Collected data entries:
=== Begin Enclosure ===

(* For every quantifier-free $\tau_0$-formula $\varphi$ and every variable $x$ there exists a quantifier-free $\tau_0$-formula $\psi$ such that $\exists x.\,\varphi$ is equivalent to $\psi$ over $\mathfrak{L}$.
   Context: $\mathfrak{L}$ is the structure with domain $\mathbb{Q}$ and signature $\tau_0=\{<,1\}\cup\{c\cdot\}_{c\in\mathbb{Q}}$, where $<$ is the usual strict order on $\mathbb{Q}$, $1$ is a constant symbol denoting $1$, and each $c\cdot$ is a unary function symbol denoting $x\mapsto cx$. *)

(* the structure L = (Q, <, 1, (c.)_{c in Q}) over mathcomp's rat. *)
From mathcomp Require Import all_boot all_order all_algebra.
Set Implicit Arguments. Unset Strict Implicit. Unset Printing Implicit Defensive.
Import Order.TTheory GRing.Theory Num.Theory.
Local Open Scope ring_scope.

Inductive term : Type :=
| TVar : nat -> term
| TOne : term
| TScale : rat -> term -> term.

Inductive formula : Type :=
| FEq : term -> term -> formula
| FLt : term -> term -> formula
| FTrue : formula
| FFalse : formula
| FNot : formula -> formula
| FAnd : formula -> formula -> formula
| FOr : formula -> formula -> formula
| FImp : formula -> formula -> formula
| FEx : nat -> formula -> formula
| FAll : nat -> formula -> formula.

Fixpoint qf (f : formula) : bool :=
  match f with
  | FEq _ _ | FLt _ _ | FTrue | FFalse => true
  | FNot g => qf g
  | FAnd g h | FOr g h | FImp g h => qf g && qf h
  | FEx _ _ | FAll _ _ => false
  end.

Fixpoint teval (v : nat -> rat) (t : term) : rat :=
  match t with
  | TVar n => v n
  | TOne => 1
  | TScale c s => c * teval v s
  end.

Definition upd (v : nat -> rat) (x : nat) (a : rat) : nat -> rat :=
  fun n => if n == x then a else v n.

=== End Enclosure ===

### [Task statement]
Retype exactly, please, each line from the line that contains "Definition upd (v" through the last line of the entries above, with nothing added.

### [Task result]
Definition upd (v : nat -> rat) (x : nat) (a : rat) : nat -> rat :=
  fun n => if n == x then a else v n.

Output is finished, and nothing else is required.